===== GIVEN DATA

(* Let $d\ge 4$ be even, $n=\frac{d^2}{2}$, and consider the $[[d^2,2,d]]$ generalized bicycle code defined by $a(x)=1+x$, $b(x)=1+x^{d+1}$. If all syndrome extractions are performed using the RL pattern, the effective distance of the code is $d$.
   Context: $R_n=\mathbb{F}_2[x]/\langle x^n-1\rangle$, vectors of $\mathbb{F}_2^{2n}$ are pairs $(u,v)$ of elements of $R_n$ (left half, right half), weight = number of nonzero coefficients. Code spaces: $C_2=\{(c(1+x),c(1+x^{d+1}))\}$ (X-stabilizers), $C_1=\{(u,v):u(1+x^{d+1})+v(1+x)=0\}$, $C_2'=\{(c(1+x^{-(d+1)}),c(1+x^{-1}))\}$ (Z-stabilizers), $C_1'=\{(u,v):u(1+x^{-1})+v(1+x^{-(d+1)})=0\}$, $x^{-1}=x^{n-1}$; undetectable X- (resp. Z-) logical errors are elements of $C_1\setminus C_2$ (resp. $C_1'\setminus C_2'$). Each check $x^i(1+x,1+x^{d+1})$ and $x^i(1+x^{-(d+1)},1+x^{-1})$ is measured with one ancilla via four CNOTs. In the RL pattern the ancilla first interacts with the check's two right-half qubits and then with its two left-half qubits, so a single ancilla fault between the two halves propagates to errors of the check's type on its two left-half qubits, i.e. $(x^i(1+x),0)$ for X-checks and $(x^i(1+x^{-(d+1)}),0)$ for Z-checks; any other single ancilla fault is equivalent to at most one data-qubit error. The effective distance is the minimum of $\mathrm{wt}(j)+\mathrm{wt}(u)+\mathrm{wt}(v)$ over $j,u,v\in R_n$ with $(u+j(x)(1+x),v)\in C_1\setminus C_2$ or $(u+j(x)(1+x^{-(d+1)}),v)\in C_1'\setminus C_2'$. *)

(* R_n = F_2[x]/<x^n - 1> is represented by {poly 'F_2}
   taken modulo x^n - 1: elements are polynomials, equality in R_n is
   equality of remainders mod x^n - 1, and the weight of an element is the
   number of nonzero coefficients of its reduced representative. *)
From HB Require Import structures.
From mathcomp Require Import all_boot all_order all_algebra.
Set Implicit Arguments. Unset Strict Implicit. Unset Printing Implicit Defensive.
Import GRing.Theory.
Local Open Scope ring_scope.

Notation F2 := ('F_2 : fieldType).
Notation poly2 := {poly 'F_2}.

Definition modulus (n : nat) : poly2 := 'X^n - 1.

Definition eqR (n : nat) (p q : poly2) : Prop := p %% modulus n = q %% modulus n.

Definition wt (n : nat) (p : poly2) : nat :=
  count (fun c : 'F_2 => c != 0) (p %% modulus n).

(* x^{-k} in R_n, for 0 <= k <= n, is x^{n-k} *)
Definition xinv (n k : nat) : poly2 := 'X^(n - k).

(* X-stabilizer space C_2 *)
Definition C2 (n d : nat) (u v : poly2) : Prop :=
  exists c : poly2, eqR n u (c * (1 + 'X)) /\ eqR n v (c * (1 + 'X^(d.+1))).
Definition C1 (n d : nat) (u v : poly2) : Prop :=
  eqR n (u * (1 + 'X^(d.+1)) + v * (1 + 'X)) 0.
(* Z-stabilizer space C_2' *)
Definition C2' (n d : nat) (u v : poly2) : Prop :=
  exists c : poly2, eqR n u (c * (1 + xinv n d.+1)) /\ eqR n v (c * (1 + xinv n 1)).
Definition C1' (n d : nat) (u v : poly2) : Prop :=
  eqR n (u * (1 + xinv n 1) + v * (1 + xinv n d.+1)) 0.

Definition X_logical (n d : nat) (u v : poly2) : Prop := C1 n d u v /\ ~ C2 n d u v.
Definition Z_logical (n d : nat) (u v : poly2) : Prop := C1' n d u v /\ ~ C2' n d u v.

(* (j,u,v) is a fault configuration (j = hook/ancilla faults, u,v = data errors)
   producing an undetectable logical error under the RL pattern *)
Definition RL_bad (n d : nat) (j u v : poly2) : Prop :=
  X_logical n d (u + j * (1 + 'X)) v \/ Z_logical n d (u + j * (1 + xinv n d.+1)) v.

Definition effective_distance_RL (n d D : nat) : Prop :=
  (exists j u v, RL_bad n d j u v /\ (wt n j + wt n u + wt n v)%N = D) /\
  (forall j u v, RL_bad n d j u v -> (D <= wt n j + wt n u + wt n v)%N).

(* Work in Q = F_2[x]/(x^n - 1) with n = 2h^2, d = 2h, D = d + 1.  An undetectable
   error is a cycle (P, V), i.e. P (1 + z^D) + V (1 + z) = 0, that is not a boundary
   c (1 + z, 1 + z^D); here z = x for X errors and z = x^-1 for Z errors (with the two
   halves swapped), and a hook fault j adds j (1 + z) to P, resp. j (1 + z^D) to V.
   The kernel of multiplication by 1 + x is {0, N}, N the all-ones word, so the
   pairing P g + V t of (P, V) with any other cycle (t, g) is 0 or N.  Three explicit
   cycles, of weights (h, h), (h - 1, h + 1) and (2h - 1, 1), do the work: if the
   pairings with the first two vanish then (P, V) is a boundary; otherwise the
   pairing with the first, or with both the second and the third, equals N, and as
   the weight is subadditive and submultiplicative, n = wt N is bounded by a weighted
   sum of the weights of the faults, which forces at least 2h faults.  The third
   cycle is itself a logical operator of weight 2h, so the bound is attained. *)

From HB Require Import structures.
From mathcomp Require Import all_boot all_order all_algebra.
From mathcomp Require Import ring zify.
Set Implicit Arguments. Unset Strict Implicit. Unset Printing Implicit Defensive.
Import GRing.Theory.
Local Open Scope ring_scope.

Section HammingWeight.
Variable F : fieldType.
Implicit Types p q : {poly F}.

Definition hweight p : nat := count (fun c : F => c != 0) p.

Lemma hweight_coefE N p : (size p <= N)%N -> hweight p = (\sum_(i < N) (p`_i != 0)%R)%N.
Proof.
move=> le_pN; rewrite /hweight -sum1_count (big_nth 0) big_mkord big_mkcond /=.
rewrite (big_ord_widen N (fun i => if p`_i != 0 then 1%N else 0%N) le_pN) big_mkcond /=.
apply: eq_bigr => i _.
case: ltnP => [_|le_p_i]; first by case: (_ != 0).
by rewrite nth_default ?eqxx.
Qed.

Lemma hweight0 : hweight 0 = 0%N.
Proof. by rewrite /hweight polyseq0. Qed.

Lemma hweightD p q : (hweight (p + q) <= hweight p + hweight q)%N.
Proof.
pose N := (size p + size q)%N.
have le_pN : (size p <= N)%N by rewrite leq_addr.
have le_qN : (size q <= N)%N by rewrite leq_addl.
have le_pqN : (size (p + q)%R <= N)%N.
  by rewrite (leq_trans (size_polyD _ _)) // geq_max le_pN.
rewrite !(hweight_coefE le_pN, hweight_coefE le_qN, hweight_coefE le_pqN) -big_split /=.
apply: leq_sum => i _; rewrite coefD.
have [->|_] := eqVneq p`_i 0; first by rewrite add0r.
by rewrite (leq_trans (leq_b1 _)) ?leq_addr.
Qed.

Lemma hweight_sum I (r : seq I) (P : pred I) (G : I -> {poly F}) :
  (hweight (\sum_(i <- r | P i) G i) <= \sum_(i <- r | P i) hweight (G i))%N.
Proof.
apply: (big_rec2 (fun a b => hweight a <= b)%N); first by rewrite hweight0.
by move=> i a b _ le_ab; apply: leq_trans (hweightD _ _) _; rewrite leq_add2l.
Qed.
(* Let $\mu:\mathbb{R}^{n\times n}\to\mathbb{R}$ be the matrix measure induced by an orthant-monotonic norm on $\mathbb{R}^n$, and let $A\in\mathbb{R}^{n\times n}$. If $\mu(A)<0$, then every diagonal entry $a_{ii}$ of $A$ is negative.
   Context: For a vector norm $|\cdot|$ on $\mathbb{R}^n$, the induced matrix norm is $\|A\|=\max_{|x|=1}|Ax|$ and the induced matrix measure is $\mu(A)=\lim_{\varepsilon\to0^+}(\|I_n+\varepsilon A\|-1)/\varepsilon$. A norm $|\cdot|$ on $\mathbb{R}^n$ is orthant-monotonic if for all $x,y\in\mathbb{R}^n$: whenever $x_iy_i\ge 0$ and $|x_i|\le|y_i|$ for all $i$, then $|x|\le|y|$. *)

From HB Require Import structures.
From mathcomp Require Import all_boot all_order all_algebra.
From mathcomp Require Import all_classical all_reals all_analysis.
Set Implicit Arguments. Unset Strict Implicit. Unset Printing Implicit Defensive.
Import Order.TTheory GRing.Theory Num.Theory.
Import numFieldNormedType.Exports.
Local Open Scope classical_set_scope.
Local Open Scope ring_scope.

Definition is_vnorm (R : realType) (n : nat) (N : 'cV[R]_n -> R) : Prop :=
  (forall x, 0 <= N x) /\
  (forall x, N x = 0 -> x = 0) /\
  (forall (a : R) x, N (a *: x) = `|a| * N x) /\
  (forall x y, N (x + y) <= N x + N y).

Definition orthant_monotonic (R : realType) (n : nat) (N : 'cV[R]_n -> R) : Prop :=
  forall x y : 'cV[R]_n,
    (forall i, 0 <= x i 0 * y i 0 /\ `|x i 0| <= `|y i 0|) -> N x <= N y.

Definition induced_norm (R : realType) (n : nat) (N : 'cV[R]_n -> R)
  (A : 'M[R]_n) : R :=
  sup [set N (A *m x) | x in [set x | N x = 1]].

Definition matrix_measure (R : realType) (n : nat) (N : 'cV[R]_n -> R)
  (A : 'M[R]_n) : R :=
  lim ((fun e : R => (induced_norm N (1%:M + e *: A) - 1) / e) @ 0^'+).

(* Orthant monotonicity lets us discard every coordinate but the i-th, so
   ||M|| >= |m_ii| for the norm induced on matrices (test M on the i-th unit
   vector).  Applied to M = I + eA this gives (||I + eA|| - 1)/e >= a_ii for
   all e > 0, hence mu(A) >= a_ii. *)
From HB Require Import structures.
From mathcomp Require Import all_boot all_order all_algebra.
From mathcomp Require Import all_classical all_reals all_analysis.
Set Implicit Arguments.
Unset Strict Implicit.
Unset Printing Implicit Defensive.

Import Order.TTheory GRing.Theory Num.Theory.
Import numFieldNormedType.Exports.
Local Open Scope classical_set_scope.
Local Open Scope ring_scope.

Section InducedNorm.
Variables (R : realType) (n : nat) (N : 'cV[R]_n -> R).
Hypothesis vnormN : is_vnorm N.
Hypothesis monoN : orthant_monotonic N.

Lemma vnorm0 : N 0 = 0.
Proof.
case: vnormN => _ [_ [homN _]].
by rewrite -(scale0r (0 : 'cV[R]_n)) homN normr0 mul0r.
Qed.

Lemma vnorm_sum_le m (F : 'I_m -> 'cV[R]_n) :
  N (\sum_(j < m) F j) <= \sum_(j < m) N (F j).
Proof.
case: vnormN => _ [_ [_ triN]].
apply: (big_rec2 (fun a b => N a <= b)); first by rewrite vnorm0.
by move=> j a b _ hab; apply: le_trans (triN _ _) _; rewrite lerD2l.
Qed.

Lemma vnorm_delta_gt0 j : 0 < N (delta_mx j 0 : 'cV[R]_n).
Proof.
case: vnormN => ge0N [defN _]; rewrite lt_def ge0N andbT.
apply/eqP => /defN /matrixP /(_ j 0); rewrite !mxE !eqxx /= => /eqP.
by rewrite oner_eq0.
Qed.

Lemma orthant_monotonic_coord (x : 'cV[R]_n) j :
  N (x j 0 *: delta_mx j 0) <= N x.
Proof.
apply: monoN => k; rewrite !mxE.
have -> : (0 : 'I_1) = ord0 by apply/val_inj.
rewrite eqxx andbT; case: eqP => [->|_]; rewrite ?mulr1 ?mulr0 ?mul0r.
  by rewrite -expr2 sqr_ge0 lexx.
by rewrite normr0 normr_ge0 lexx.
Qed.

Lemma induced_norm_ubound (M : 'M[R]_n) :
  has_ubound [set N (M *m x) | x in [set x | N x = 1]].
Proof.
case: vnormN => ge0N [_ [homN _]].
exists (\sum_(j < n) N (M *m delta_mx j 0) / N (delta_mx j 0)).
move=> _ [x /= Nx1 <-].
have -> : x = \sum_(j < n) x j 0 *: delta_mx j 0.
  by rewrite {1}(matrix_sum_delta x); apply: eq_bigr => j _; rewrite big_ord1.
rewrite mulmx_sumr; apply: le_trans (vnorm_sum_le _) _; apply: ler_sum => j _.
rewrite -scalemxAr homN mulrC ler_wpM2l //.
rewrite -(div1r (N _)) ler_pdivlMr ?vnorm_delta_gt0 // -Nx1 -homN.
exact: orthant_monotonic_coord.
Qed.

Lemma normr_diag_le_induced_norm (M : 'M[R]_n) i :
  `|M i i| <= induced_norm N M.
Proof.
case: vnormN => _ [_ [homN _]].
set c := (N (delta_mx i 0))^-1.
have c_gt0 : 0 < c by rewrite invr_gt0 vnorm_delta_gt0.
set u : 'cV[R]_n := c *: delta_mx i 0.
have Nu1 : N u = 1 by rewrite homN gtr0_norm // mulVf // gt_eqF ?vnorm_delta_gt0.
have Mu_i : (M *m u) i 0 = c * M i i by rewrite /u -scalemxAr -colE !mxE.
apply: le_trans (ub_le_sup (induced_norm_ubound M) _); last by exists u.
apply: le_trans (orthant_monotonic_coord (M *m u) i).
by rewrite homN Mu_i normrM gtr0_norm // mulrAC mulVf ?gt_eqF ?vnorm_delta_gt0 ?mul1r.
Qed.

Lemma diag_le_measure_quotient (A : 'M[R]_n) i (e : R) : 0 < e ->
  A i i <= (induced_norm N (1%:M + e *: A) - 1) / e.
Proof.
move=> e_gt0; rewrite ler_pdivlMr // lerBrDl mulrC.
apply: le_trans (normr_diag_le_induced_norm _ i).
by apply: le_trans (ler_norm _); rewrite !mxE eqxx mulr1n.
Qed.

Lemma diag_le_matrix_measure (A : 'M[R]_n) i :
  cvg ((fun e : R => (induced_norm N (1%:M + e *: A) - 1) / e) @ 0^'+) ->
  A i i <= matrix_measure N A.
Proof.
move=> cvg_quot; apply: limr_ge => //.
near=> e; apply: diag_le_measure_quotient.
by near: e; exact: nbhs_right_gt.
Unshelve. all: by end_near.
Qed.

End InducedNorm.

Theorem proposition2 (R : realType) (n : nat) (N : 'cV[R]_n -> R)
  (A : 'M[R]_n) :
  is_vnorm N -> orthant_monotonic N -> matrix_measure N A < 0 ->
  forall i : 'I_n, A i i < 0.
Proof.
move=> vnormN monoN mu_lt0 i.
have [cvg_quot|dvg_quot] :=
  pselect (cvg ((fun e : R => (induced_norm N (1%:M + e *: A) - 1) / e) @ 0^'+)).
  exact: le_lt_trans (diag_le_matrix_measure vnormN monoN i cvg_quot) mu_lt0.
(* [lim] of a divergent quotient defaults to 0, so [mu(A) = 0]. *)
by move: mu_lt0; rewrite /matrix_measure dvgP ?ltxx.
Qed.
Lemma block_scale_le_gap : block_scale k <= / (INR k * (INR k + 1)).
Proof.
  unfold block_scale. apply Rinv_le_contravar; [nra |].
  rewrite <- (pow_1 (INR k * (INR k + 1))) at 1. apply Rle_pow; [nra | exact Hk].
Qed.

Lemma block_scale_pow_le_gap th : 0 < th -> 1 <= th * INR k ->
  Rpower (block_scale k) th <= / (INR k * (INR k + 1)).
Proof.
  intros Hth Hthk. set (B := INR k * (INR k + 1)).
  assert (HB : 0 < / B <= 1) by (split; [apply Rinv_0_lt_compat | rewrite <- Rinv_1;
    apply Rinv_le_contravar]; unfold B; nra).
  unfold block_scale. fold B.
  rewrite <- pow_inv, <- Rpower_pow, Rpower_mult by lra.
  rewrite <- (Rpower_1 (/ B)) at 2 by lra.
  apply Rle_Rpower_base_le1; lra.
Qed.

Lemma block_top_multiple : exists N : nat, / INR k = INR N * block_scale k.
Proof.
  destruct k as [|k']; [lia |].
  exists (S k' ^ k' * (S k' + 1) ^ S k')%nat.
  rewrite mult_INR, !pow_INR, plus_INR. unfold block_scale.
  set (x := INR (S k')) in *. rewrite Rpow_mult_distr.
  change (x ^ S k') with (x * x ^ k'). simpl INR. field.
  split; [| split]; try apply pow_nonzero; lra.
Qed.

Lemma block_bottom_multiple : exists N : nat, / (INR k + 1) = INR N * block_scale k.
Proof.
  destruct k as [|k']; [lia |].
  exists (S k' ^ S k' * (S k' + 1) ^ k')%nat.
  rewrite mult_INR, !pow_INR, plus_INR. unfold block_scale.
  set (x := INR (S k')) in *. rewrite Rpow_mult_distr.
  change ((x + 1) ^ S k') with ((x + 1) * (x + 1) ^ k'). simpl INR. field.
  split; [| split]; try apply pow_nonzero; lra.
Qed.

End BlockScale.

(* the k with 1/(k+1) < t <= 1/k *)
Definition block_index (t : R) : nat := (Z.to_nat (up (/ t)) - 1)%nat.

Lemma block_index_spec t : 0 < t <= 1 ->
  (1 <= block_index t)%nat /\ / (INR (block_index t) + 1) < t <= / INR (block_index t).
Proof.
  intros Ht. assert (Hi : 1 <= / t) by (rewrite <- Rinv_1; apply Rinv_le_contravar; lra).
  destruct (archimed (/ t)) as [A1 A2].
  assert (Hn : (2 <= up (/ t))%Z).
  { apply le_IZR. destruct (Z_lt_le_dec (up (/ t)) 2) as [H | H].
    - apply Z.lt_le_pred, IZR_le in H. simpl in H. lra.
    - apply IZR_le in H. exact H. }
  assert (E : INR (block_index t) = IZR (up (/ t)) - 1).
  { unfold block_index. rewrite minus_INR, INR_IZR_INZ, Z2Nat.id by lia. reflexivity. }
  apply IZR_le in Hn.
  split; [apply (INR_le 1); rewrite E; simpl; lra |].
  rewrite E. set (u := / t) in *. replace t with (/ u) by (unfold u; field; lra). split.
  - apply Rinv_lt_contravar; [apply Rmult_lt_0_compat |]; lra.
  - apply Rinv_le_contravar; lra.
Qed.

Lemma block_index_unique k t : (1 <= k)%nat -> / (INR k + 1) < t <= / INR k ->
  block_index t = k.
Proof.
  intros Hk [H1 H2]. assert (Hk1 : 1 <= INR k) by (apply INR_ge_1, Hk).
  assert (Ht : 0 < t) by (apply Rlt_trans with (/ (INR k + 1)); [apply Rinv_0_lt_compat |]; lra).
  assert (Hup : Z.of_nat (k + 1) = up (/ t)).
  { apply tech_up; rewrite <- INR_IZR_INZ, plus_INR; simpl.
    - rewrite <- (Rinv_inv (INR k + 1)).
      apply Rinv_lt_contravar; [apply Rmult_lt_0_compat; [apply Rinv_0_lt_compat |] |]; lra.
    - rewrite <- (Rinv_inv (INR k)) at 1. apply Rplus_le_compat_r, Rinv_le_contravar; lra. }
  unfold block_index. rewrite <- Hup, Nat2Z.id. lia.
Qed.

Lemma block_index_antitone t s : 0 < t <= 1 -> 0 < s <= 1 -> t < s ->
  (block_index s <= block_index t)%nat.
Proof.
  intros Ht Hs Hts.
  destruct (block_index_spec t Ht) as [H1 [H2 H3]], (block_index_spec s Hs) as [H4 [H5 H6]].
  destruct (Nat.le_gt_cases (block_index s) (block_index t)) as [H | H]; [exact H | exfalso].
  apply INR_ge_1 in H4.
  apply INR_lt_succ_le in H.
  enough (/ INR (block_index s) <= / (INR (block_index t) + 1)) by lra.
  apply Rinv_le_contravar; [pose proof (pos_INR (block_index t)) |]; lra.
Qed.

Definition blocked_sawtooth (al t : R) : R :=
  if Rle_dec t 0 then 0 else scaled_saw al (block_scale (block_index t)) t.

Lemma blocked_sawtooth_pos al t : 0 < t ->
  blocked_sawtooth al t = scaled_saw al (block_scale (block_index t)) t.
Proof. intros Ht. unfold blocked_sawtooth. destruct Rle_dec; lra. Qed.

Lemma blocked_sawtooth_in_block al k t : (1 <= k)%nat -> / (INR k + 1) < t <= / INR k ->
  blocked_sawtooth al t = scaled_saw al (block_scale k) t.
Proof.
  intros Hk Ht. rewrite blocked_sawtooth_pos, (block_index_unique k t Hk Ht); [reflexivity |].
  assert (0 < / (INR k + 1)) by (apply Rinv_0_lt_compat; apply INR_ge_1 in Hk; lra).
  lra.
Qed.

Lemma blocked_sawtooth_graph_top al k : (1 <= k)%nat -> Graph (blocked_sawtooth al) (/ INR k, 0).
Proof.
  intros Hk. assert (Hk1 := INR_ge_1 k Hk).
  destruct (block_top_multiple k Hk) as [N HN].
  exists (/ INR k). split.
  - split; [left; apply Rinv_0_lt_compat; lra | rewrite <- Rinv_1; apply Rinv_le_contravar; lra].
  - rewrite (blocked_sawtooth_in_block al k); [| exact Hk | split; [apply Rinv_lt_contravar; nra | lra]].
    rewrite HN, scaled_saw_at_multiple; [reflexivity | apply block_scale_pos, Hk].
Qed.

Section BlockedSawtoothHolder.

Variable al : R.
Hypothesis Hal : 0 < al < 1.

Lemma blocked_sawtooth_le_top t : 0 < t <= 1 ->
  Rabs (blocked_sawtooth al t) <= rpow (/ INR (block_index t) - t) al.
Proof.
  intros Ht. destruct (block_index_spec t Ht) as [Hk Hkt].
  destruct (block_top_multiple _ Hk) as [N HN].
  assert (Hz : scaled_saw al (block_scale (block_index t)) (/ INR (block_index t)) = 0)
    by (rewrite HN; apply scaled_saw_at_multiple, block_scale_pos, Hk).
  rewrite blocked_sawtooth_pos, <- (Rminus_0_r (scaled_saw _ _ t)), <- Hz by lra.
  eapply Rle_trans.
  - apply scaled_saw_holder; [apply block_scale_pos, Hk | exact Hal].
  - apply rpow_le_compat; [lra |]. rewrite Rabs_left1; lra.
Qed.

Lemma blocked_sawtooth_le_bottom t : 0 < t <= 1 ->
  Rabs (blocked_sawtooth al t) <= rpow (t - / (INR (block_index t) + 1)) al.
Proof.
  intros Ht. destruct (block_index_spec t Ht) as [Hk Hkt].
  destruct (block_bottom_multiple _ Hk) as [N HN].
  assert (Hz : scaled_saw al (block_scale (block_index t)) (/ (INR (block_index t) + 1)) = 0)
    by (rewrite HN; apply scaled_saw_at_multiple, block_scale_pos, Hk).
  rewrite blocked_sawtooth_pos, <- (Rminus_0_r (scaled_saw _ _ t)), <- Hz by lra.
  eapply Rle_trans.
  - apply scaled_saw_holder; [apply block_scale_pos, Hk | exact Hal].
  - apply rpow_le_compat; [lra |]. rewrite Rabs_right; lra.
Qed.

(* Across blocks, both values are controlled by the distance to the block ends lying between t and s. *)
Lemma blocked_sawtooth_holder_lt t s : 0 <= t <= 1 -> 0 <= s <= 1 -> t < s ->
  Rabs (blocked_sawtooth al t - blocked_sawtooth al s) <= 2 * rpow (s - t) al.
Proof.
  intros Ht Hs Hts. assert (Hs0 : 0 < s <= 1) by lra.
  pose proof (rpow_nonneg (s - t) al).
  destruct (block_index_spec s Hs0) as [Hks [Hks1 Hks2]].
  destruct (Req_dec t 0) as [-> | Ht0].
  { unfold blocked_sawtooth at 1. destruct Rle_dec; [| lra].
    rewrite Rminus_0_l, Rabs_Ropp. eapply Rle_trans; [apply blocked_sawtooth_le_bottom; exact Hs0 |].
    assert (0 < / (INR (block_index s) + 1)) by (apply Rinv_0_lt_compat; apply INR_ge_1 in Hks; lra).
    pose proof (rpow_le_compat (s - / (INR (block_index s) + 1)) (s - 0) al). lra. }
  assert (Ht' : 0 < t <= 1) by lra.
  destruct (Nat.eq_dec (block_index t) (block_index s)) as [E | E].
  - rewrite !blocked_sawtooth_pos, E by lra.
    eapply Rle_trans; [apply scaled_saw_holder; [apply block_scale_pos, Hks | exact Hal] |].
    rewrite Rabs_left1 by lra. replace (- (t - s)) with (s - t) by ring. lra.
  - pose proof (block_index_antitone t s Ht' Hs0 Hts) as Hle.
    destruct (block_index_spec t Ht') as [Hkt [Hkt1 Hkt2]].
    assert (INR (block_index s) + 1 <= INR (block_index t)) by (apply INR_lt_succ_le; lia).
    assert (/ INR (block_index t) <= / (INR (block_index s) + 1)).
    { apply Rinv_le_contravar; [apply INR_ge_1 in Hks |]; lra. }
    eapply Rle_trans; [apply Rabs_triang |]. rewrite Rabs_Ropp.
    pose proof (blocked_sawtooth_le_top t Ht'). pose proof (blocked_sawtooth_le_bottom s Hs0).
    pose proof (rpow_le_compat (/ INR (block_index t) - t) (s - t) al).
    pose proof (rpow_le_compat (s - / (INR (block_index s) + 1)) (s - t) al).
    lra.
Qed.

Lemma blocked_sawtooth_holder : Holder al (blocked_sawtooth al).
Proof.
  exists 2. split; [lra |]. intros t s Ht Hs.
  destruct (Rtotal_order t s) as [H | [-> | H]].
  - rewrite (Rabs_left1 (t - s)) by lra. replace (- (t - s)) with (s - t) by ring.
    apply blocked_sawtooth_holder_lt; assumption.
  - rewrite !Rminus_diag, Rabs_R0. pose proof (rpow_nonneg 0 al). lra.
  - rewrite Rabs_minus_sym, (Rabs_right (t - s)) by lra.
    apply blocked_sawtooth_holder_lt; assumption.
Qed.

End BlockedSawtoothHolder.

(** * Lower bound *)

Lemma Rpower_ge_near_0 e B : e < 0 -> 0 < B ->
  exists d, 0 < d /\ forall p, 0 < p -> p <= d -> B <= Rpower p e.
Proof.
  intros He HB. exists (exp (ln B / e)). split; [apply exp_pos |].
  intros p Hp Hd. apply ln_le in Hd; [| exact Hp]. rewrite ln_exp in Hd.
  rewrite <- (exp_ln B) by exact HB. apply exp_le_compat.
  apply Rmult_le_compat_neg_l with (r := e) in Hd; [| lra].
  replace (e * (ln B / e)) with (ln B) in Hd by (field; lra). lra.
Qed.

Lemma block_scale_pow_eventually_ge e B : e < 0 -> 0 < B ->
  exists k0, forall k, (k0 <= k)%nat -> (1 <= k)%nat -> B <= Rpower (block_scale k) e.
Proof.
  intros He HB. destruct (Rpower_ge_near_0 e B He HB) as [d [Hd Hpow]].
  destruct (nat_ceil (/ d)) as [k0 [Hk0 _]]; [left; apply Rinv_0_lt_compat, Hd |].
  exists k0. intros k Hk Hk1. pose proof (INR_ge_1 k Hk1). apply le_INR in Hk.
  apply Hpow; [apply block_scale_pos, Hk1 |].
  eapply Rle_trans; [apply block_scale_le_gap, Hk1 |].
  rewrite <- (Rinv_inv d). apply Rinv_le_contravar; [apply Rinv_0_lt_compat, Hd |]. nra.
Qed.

==========

• _WHAT THE EXERCISE ASKS_: Copy every line of the data that holds the string "realType".

• _EXERCISE OUTPUT_:
Definition is_vnorm (R : realType) (n : nat) (N : 'cV[R]_n -> R) : Prop :=
Definition orthant_monotonic (R : realType) (n : nat) (N : 'cV[R]_n -> R) : Prop :=
Definition induced_norm (R : realType) (n : nat) (N : 'cV[R]_n -> R)
Definition matrix_measure (R : realType) (n : nat) (N : 'cV[R]_n -> R)
Variables (R : realType) (n : nat) (N : 'cV[R]_n -> R).
Theorem proposition2 (R : realType) (n : nat) (N : 'cV[R]_n -> R)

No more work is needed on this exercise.